Dataset entries
(* Let $m\ge0$ be an integer and $\gamma\ge m+\frac32$, and let $g_{m,\gamma}(x)=(x+1)^m(3-2x)^{-\gamma}$ for $x\in[-1,1]$. Then for all $x\in[-1,1]$, $$I_+^{\gamma-m-3/2}g_{m,\gamma}(x)=\sqrt{\frac\pi5}\,\frac{\Gamma(\gamma-\frac12)}{\Gamma(\gamma)}\,(x+1)^{m+1}(3-2x)^{-(\gamma-1/2)}.$$ In particular, for $\lambda\ge0$ and $\varphi_{2\lambda+3}(\tau)=(3-2\tau)^{-(2\lambda+3)/2}$, $I^\lambda_+\varphi_{2\lambda+3}(x)=\sqrt{\frac\pi5}\frac{\Gamma(\lambda+1)}{\Gamma(\lambda+\frac32)}(x+1)(3-2x)^{-(\lambda+1)}$.
   Context: For $f\in L^1[-1,1]$ and $\mu\ge0$, $I^\mu_+f(x)=(1+x)^{-\mu+1/2}\int_{-1}^x(x-\tau)^{-1/2}(1+\tau)^\mu f(\tau)\,d\tau$. *)

From Stdlib Require Import Reals Lra ClassicalEpsilon.
Open Scope R_scope.

Definition improper_int_ab (f : R -> R) (a b L : R) : Prop :=
  (forall u v, a < u -> u <= v -> v < b -> inhabited (Riemann_integrable f u v)) /\
  (forall eps, eps > 0 -> exists delta, delta > 0 /\
     forall u v (pr : Riemann_integrable f u v),
       a < u -> u < a + delta -> b - delta < v -> v < b ->
       Rabs (RiemannInt pr - L) < eps).

Definition improper_int_a_inf (f : R -> R) (a L : R) : Prop :=
  (forall u v, a < u -> u <= v -> inhabited (Riemann_integrable f u v)) /\
  (forall eps, eps > 0 -> exists delta M, delta > 0 /\
     forall u v (pr : Riemann_integrable f u v),
       a < u -> u < a + delta -> M < v ->
       Rabs (RiemannInt pr - L) < eps).

(* Euler's Gamma function Gamma(s) = int_0^oo t^(s-1) e^(-t) dt
   (the value is chosen by epsilon; it exists and is unique for s > 0). *)
Definition Gamma (s : R) : R :=
  epsilon (inhabits 0)
    (fun L => improper_int_a_inf (fun t => Rpower t (s - 1) * exp (- t)) 0 L).

(* "I^mu_+ f (x) = V": the defining integral exists (as an improper
   integral, integrands here are nonnegative) and the value equals V. *)
Definition I_plus_eq (mu : R) (f : R -> R) (x V : R) : Prop :=
  exists J,
    improper_int_ab
      (fun t => Rpower (x - t) (- (1/2)) * Rpower (1 + t) mu * f t) (-1) x J
    /\ Rpower (1 + x) (- mu + 1/2) * J = V.

Definition g_fun (m : nat) (gam : R) (x : R) : R :=
  (x + 1) ^ m * Rpower (3 - 2 * x) (- gam).

Definition phi_fun (lam : R) (t : R) : R :=
  Rpower (3 - 2 * t) (- ((2 * lam + 3) / 2)).

From Stdlib Require Import Reals Lra ClassicalEpsilon FunctionalExtensionality.
From Coquelicot Require Import Coquelicot.
Open Scope R_scope.

(* With [w = 1 + x], [z = 2 w / 5] and [s = (1 + t) / w], the substitution
   [t |-> (1 - z) s / (1 - z s)] maps [(-1, x)] onto [(0, 1)] and turns the integral defining
   [I^(gam-m-3/2)_+ g_(m,gam) (x)] into [w^(gam-1) (3 - 2x)^(-(gam-1/2)) / sqrt 5] times
   [B(gam - 1/2)], where [B(a) = int_0^1 s^(a-1) (1-s)^(-1/2) ds].
   It remains to show [B(a) = sqrt pi Gamma(a) / Gamma(a + 1/2)], which we do without Fubini.
   Integration by parts gives [Gamma(s+1) = s Gamma(s)] and [(a + 1/2) B(a+1) = a B(a)], so
   [R(a) = B(a) Gamma(a + 1/2) / Gamma(a)] has period 1. For [a <= b <= a + 1], the
   log-convexity of Gamma (Cauchy-Schwarz) and the monotonicity of B bound [R(b)^2 / R(a)^2]
   within [1 +- O(1/(a+n))] after shifting both points by [n]; hence R is constant, and
   [R(1/2) R(1) = B(1/2) B(1) Gamma(3/2) / Gamma(1/2) = pi]. *)

(** * Limits near the ends of an interval *)

Definition near_lower (a d y : R) : Prop := a < y < a + d.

Your objective
Your task is to restate, word for word, the lines from the beginning of the records to the line with "Lra ClassicalEpsilon FunctionalExtensionality.", inclusive.

Answer
(* Let $m\ge0$ be an integer and $\gamma\ge m+\frac32$, and let $g_{m,\gamma}(x)=(x+1)^m(3-2x)^{-\gamma}$ for $x\in[-1,1]$. Then for all $x\in[-1,1]$, $$I_+^{\gamma-m-3/2}g_{m,\gamma}(x)=\sqrt{\frac\pi5}\,\frac{\Gamma(\gamma-\frac12)}{\Gamma(\gamma)}\,(x+1)^{m+1}(3-2x)^{-(\gamma-1/2)}.$$ In particular, for $\lambda\ge0$ and $\varphi_{2\lambda+3}(\tau)=(3-2\tau)^{-(2\lambda+3)/2}$, $I^\lambda_+\varphi_{2\lambda+3}(x)=\sqrt{\frac\pi5}\frac{\Gamma(\lambda+1)}{\Gamma(\lambda+\frac32)}(x+1)(3-2x)^{-(\lambda+1)}$.
   Context: For $f\in L^1[-1,1]$ and $\mu\ge0$, $I^\mu_+f(x)=(1+x)^{-\mu+1/2}\int_{-1}^x(x-\tau)^{-1/2}(1+\tau)^\mu f(\tau)\,d\tau$. *)

From Stdlib Require Import Reals Lra ClassicalEpsilon.
Open Scope R_scope.

Definition improper_int_ab (f : R -> R) (a b L : R) : Prop :=
  (forall u v, a < u -> u <= v -> v < b -> inhabited (Riemann_integrable f u v)) /\
  (forall eps, eps > 0 -> exists delta, delta > 0 /\
     forall u v (pr : Riemann_integrable f u v),
       a < u -> u < a + delta -> b - delta < v -> v < b ->
       Rabs (RiemannInt pr - L) < eps).

Definition improper_int_a_inf (f : R -> R) (a L : R) : Prop :=
  (forall u v, a < u -> u <= v -> inhabited (Riemann_integrable f u v)) /\
  (forall eps, eps > 0 -> exists delta M, delta > 0 /\
     forall u v (pr : Riemann_integrable f u v),
       a < u -> u < a + delta -> M < v ->
       Rabs (RiemannInt pr - L) < eps).

(* Euler's Gamma function Gamma(s) = int_0^oo t^(s-1) e^(-t) dt
   (the value is chosen by epsilon; it exists and is unique for s > 0). *)
Definition Gamma (s : R) : R :=
  epsilon (inhabits 0)
    (fun L => improper_int_a_inf (fun t => Rpower t (s - 1) * exp (- t)) 0 L).

(* "I^mu_+ f (x) = V": the defining integral exists (as an improper
   integral, integrands here are nonnegative) and the value equals V. *)
Definition I_plus_eq (mu : R) (f : R -> R) (x V : R) : Prop :=
  exists J,
    improper_int_ab
      (fun t => Rpower (x - t) (- (1/2)) * Rpower (1 + t) mu * f t) (-1) x J
    /\ Rpower (1 + x) (- mu + 1/2) * J = V.

Definition g_fun (m : nat) (gam : R) (x : R) : R :=
  (x + 1) ^ m * Rpower (3 - 2 * x) (- gam).

Definition phi_fun (lam : R) (t : R) : R :=
  Rpower (3 - 2 * t) (- ((2 * lam + 3) / 2)).

From Stdlib Require Import Reals Lra ClassicalEpsilon FunctionalExtensionality.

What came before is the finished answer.